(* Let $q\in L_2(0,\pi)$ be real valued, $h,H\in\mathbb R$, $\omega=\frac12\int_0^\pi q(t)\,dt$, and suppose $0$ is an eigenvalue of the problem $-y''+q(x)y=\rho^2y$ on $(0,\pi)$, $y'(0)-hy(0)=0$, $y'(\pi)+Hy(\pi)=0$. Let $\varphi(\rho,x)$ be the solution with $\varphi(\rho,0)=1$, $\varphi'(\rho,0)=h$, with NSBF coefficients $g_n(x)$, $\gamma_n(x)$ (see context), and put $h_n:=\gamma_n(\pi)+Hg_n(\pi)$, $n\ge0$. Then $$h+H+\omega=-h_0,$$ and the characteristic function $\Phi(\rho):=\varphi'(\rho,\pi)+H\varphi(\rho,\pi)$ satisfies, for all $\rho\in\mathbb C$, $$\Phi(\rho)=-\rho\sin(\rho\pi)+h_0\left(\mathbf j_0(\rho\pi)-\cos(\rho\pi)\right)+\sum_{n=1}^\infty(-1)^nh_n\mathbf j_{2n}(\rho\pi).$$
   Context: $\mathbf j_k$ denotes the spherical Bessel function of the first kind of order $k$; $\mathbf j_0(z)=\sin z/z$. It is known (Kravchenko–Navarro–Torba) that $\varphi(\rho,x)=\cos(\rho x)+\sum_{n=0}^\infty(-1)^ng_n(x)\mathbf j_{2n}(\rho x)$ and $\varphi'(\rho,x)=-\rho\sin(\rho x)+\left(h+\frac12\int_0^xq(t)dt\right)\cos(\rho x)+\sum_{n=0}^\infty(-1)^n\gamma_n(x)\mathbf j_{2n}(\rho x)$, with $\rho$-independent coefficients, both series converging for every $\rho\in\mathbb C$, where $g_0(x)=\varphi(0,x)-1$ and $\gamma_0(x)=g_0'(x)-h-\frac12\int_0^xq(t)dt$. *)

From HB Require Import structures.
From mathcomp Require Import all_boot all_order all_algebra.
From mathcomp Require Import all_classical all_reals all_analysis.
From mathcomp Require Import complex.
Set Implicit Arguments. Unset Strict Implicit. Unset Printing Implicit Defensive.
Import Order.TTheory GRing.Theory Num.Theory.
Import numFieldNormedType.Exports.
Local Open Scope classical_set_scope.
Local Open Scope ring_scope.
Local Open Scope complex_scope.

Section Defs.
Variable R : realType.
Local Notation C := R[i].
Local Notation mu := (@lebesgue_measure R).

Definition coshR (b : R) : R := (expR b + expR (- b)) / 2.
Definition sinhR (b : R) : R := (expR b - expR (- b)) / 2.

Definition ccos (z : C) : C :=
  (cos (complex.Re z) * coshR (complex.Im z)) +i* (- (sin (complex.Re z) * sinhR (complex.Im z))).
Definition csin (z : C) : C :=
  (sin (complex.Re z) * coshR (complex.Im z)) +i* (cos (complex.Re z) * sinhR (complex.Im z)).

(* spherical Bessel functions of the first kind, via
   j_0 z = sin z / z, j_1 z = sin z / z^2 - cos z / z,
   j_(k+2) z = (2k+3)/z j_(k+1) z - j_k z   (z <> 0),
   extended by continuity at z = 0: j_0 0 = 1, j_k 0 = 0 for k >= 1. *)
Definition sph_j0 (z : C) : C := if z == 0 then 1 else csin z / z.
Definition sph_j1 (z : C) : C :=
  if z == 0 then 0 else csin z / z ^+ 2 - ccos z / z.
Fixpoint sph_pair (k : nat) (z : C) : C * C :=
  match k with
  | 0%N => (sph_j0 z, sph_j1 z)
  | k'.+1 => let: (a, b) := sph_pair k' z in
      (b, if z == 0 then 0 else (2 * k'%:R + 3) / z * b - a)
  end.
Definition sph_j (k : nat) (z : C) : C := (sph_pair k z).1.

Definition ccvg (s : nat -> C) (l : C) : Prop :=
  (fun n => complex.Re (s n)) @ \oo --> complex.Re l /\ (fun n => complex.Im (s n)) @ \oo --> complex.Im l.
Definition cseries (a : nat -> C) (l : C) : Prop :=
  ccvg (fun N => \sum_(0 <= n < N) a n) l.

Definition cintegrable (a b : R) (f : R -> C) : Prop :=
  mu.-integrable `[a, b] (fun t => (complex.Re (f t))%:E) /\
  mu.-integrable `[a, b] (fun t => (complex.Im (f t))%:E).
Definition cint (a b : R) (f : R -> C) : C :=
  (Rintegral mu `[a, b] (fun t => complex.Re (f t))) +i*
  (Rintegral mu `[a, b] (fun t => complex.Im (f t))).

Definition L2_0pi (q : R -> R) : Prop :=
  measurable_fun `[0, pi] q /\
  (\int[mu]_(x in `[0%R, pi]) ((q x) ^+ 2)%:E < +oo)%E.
☆ ☆ ☆ ☆
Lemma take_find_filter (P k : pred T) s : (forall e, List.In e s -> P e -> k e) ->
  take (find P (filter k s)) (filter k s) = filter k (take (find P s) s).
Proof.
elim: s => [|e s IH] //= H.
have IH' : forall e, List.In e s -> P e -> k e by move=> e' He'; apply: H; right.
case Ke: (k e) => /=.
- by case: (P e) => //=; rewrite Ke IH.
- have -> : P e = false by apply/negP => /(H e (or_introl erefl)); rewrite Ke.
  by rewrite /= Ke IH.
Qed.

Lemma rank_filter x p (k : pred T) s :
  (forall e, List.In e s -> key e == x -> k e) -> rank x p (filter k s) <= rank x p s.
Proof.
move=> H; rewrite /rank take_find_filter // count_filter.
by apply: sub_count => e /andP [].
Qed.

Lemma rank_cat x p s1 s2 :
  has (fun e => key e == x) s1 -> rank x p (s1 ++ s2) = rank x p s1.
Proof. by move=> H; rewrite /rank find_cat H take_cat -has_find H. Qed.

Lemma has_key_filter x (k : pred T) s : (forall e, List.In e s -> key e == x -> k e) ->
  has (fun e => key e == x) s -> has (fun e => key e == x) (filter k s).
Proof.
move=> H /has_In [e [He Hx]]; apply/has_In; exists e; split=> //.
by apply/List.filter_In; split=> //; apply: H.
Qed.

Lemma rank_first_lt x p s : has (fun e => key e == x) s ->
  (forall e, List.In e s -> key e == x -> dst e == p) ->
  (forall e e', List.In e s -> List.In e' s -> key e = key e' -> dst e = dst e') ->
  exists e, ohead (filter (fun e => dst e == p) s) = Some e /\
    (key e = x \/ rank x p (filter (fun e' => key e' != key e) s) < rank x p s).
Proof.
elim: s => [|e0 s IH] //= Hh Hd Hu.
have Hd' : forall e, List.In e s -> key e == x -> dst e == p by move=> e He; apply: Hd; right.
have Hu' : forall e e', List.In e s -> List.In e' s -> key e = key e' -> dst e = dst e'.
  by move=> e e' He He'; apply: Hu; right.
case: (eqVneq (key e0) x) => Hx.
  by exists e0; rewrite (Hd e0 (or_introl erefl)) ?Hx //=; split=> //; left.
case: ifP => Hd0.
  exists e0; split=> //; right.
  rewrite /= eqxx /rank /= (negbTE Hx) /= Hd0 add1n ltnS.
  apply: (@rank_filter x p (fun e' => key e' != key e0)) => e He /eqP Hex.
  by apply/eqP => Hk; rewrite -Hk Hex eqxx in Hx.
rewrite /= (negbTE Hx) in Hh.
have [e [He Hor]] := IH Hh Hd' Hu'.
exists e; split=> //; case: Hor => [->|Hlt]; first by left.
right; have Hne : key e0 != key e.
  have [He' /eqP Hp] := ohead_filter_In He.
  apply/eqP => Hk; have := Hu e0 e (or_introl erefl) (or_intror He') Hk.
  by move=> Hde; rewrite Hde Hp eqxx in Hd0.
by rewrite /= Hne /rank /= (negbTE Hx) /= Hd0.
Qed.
☆ ☆ ☆ ☆
Above are records; repeat only the lines starting at the line with "Lemma rank_first_lt x" and ending at the line with "elim: s => [|e0 s IH] //= Hh Hd Hu.", exactly as they appear, both included.

■ **REPLY**
Lemma rank_first_lt x p s : has (fun e => key e == x) s ->
  (forall e, List.In e s -> key e == x -> dst e == p) ->
  (forall e e', List.In e s -> List.In e' s -> key e = key e' -> dst e = dst e') ->
  exists e, ohead (filter (fun e => dst e == p) s) = Some e /\
    (key e = x \/ rank x p (filter (fun e' => key e' != key e) s) < rank x p s).
Proof.
elim: s => [|e0 s IH] //= Hh Hd Hu.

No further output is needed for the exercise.